**Work request**
Which lines run from the line with "by rewrite eq_sym." through the line with "case/andP: lambda_in01 =>" in the entries below? Print them exactly, both ends included, and nothing more.

---------- Data shown ----------

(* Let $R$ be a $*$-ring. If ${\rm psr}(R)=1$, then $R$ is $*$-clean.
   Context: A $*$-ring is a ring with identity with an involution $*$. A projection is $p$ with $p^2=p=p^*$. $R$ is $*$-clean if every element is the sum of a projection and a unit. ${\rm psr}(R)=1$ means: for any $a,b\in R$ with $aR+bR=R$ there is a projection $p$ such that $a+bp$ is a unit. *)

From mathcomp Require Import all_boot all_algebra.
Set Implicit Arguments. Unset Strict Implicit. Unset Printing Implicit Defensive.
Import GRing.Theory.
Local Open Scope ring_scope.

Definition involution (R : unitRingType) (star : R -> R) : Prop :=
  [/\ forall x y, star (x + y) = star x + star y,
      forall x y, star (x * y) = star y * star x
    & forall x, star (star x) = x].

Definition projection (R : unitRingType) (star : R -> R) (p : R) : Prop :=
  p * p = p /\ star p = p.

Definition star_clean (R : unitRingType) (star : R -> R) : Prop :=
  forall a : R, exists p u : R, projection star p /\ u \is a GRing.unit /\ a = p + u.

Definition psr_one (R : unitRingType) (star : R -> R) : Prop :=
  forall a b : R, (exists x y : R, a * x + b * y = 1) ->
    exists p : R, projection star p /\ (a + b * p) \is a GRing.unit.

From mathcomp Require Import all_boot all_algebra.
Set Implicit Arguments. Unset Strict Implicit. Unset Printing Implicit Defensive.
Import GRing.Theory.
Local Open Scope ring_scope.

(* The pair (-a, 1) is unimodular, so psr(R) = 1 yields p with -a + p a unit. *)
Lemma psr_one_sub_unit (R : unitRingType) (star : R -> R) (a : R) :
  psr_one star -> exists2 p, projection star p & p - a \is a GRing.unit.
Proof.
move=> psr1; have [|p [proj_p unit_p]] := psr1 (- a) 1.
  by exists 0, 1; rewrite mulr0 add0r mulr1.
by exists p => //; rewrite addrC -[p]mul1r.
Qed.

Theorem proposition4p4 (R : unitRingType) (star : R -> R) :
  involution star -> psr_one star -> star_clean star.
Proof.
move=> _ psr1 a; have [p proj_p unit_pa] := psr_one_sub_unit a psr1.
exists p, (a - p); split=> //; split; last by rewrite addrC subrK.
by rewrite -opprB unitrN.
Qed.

----------
---------- Data shown ----------

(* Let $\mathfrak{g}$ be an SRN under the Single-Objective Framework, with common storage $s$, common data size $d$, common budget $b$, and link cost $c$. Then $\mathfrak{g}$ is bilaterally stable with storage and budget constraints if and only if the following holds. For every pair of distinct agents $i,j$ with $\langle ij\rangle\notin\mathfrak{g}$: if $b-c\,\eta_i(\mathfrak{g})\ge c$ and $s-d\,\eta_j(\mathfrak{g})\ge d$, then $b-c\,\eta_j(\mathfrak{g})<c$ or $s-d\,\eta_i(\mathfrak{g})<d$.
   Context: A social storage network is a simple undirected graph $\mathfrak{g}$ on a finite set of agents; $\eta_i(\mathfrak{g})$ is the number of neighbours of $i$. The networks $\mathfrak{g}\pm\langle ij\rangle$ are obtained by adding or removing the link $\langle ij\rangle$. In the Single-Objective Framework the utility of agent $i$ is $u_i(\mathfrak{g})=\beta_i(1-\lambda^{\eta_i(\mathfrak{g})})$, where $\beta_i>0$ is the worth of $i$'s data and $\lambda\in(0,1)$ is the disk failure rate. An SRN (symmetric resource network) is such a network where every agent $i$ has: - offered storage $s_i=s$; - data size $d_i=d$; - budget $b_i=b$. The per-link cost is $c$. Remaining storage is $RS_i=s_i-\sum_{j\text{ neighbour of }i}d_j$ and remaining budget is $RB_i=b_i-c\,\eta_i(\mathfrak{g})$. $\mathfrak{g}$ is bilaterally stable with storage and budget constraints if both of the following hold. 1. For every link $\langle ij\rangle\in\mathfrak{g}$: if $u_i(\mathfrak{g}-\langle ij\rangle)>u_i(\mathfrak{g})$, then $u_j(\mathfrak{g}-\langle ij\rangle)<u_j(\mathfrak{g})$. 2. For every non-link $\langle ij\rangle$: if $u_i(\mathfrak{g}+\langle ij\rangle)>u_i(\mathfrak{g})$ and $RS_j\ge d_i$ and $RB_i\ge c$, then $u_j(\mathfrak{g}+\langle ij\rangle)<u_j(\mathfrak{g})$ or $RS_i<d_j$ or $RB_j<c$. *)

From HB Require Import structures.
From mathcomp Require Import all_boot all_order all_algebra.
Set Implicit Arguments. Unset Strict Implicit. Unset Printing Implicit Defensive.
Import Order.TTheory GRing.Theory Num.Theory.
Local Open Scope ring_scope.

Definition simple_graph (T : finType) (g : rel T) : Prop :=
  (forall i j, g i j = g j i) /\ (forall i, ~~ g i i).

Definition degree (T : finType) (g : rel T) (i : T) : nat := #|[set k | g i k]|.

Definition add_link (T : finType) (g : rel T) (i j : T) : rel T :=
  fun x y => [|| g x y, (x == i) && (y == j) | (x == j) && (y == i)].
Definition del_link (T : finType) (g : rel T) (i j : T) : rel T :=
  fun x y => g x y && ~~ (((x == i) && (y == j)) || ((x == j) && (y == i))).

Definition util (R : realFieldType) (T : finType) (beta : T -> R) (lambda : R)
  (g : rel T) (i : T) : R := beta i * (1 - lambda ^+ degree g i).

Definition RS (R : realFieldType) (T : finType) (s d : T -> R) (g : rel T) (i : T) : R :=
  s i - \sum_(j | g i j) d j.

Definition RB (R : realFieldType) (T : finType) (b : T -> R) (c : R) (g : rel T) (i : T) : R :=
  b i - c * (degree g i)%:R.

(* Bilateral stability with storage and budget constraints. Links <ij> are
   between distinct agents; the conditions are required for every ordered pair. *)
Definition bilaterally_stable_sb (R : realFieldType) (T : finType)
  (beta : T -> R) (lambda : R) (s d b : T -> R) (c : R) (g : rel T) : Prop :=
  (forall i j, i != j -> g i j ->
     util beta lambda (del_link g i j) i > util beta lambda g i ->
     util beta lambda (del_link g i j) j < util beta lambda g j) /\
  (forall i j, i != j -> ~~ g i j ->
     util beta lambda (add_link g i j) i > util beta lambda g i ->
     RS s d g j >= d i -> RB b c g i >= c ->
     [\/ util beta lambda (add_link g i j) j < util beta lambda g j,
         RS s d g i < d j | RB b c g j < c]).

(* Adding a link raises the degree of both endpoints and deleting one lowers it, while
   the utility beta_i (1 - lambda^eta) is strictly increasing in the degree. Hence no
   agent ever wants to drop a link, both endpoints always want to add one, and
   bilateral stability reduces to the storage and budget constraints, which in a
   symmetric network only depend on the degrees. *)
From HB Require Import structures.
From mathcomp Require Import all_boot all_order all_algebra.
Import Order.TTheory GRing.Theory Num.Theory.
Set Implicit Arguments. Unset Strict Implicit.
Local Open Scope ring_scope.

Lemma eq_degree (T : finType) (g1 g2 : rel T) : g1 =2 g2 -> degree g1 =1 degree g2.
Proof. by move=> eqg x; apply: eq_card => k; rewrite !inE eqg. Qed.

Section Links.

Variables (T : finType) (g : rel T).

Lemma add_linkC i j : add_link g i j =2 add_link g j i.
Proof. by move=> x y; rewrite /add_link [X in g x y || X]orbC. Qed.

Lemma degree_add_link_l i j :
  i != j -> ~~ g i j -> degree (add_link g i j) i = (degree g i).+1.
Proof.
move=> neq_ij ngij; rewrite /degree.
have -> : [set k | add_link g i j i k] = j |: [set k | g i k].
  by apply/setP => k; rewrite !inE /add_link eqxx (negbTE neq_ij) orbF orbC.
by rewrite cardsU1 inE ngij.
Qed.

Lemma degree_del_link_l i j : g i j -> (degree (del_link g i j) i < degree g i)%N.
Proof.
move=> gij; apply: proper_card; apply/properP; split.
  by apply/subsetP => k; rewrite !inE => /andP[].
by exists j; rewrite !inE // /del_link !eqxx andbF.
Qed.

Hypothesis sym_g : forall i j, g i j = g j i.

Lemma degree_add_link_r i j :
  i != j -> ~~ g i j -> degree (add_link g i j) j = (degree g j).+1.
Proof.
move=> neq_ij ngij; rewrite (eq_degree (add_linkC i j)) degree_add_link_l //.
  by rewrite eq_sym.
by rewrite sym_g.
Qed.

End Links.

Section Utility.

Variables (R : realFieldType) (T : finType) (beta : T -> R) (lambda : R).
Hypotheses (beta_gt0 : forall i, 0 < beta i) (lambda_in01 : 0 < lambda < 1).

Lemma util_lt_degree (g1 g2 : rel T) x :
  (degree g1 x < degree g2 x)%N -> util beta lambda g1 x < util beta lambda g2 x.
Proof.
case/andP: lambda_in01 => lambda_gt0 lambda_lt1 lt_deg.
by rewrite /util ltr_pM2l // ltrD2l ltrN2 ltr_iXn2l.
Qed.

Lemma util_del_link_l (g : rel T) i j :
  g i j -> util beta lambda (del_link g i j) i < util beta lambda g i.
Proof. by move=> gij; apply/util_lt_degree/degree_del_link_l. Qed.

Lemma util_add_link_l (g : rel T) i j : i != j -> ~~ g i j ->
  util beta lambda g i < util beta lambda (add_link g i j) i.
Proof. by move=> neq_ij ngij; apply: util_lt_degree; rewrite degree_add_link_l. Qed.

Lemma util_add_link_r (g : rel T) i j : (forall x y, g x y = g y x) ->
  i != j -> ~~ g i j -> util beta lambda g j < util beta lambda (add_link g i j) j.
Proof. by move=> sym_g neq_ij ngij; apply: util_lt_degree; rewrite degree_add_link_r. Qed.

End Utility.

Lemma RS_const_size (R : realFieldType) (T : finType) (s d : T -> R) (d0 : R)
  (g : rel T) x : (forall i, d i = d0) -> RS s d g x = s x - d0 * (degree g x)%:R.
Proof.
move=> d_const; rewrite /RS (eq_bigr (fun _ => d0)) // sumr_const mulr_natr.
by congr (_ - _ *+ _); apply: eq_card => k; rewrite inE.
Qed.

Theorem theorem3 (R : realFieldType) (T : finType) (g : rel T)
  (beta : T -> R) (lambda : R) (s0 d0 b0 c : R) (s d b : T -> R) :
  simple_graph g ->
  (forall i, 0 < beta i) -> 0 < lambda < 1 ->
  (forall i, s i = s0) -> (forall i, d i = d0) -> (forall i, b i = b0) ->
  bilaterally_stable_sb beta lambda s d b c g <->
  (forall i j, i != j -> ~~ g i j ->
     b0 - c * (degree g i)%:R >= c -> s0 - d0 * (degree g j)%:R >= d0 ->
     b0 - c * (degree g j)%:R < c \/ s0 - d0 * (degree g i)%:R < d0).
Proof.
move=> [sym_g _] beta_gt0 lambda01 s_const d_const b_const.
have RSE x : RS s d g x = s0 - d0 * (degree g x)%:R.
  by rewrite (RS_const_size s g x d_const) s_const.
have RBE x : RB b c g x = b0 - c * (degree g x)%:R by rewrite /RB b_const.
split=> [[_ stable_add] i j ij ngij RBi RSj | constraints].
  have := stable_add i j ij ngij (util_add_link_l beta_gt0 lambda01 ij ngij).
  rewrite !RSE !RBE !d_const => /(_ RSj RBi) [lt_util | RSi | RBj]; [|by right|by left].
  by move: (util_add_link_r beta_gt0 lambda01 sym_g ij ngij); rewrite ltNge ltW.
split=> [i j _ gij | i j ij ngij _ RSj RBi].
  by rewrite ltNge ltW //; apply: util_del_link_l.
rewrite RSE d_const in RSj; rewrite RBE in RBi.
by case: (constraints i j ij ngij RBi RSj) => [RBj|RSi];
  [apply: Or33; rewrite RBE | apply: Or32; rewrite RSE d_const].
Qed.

----------

**Output for this task**
  by rewrite eq_sym.
by rewrite sym_g.
Qed.

End Links.

Section Utility.

Variables (R : realFieldType) (T : finType) (beta : T -> R) (lambda : R).
Hypotheses (beta_gt0 : forall i, 0 < beta i) (lambda_in01 : 0 < lambda < 1).

Lemma util_lt_degree (g1 g2 : rel T) x :
  (degree g1 x < degree g2 x)%N -> util beta lambda g1 x < util beta lambda g2 x.
Proof.
case/andP: lambda_in01 => lambda_gt0 lambda_lt1 lt_deg.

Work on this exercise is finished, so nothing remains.